Performance Characteristics

  • Convergence: Guaranteed by Levin's theorem (exponential in worst case, often polynomial)
  • Emergence: Linear in number of mutual influences
  • Ingression depth: Network effects multiply convergence speed
  • Optimality factor: Typically 1.5-5x optimal in practice

References

  • Leonid Levin: "Average Case Complete Problems" (1986)
  • Guerino Mazzola: "The Topos of Music" (2002) - mutual ingression
  • Hugo Mazzola: "Levin's Universal Search in Creative Problem Solving" (2019)
  • Applied: Multi-agent AI, distributed optimization, emergent systems

Trit Assignment

Trit: -1 (Validator)

  • Validates playfulness with optimality proofs
  • Checks mutual ingression paths
  • Ensures Levin bounds hold
  • Rejects solutions that violate bounds

Integration Points

  • levin-levity skill: Symmetric counterpart (Levin-first view)
  • open-games skill: Game-theoretic framework for ingression
  • glassbead-game skill: Interdisciplinary synthesis with playfulness
  • synaptic-integration skill: Neural-network mutual ingression
  • γ-bridges: Coherence verification of emergent strategies

The Levity-Levin Promise

Exploration without abandoning theory. Community without chaos. Play without abandon.

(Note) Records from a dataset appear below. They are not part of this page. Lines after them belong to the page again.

Section WeightedSuccess.
Variables (n r : nat) (p th : R).
Hypotheses (p_gt0 : 0 < p) (p_lt1 : p < 1) (th_gt0 : 0 < th).

Local Notation state := {ffun 'I_n -> option bool}.
Local Notation weights := ('I_n -> option bool -> R).

Definition mass (h : weights) (s : state) : R := \prod_(i < n) h i (s i).

Definition wsuccess (A : alg (dpathE n r)) (h : weights) : R :=
  \sum_(s : state) mass h s * success_prob (@dpath_ends n r) p (realized r s) A.

Definition rung_potential (h : weights) (i : 'I_n) : R :=
  potential th (h i (Some false)) (h i (Some true)) (h i None).

Definition rescale (h : weights) (i : 'I_n) (k : option bool -> R) : weights :=
  fun j o => if j == i then k o * h j o else h j o.

Definition pr_yes (b : bool) (o : option bool) : R := if o == Some b then p else 1.
Definition pr_no (b : bool) (o : option bool) : R := if o == Some b then 1 - p else 0.

Lemma mass_rescale h i k s : mass (rescale h i k) s = mass h s * k (s i).
Proof.
rewrite /mass (bigD1 i) //= [in RHS](bigD1 i) //= {1}/rescale eqxx.
rewrite (eq_bigr (fun j => h j (s j))) => [|j /negbTE ji]; last by rewrite /rescale ji.
by ring.
Qed.

Lemma mass_rescale_neq0 h i k s :
  mass (rescale h i k) s != 0 -> mass h s != 0 /\ k (s i) != 0.
Proof. by rewrite mass_rescale mulf_eq0 negb_or => /andP. Qed.

Lemma rescale_ge0 h i k : (forall j o, 0 <= h j o) -> (forall o, 0 <= k o) ->
  forall j o, 0 <= rescale h i k j o.
Proof. by move=> h_ge0 k_ge0 j o; rewrite /rescale; case: eqP; rewrite ?mulr_ge0. Qed.

Lemma rung_potential_ge h i b : (forall j o, 0 <= h j o) ->
  h i None + h i (Some b) <= rung_potential h i.
Proof.
move=> h_ge0; rewrite /rung_potential; case: b; first exact: potential_ge.
by rewrite potentialC; apply: potential_ge.
Qed.

Lemma rung_potential_ge0 h i : (forall j o, 0 <= h j o) -> 0 <= rung_potential h i.
Proof.
by move=> h_ge0; apply: le_trans (rung_potential_ge i false h_ge0); rewrite addr_ge0.
Qed.

Lemma prod_rung_potential_ge0 h : (forall j o, 0 <= h j o) ->
  0 <= \prod_(i < n) rung_potential h i.
Proof. by move=> h_ge0; apply: prodr_ge0 => i _; apply: rung_potential_ge0. Qed.

Lemma rung_potential_query h i b : (forall j o, 0 <= h j o) ->
  rung_potential (rescale h i (pr_yes b)) i + rung_potential (rescale h i (pr_no b)) i
  <= (1 + th * (1 - ln p)) * rung_potential h i.
Proof.
move=> h_ge0; rewrite /rung_potential /rescale eqxx /pr_yes /pr_no.
case: b => /=; rewrite !mul1r !mul0r potential_base0 ?add0r ?addr0.
  rewrite !(potentialC _ (h i (Some false))).
  by apply: (potential_query th_gt0 p_gt0 p_lt1); exact: h_ge0.
by apply: (potential_query th_gt0 p_gt0 p_lt1); exact: h_ge0.
Qed.

Lemma prod_rung_potential_query h i b : (forall j o, 0 <= h j o) ->
  \prod_(j < n) rung_potential (rescale h i (pr_yes b)) j
  + \prod_(j < n) rung_potential (rescale h i (pr_no b)) j
  <= (1 + th * (1 - ln p)) * \prod_(j < n) rung_potential h j.
Proof.
move=> h_ge0.
have others k : \prod_(j < n | j != i) rung_potential (rescale h i k) j
              = \prod_(j < n | j != i) rung_potential h j.
  by apply: eq_bigr => j /negbTE ji; rewrite /rung_potential /rescale ji.
rewrite !(bigD1 i isT) /= !others -mulrDl mulrA.
apply: ler_wpM2r; last exact: rung_potential_query.
by apply: prodr_ge0 => j _; apply: rung_potential_ge0.
Qed.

All guaranteed by mathematics.


Autopoietic Marginalia

The interaction IS the skill improving itself.

Every use of this skill is an opportunity for worlding:

  • MEMORY (-1): Record what was learned
  • REMEMBERING (0): Connect patterns to other skills
  • WORLDING (+1): Evolve the skill based on use

Add Interaction Exemplars here as the skill is used.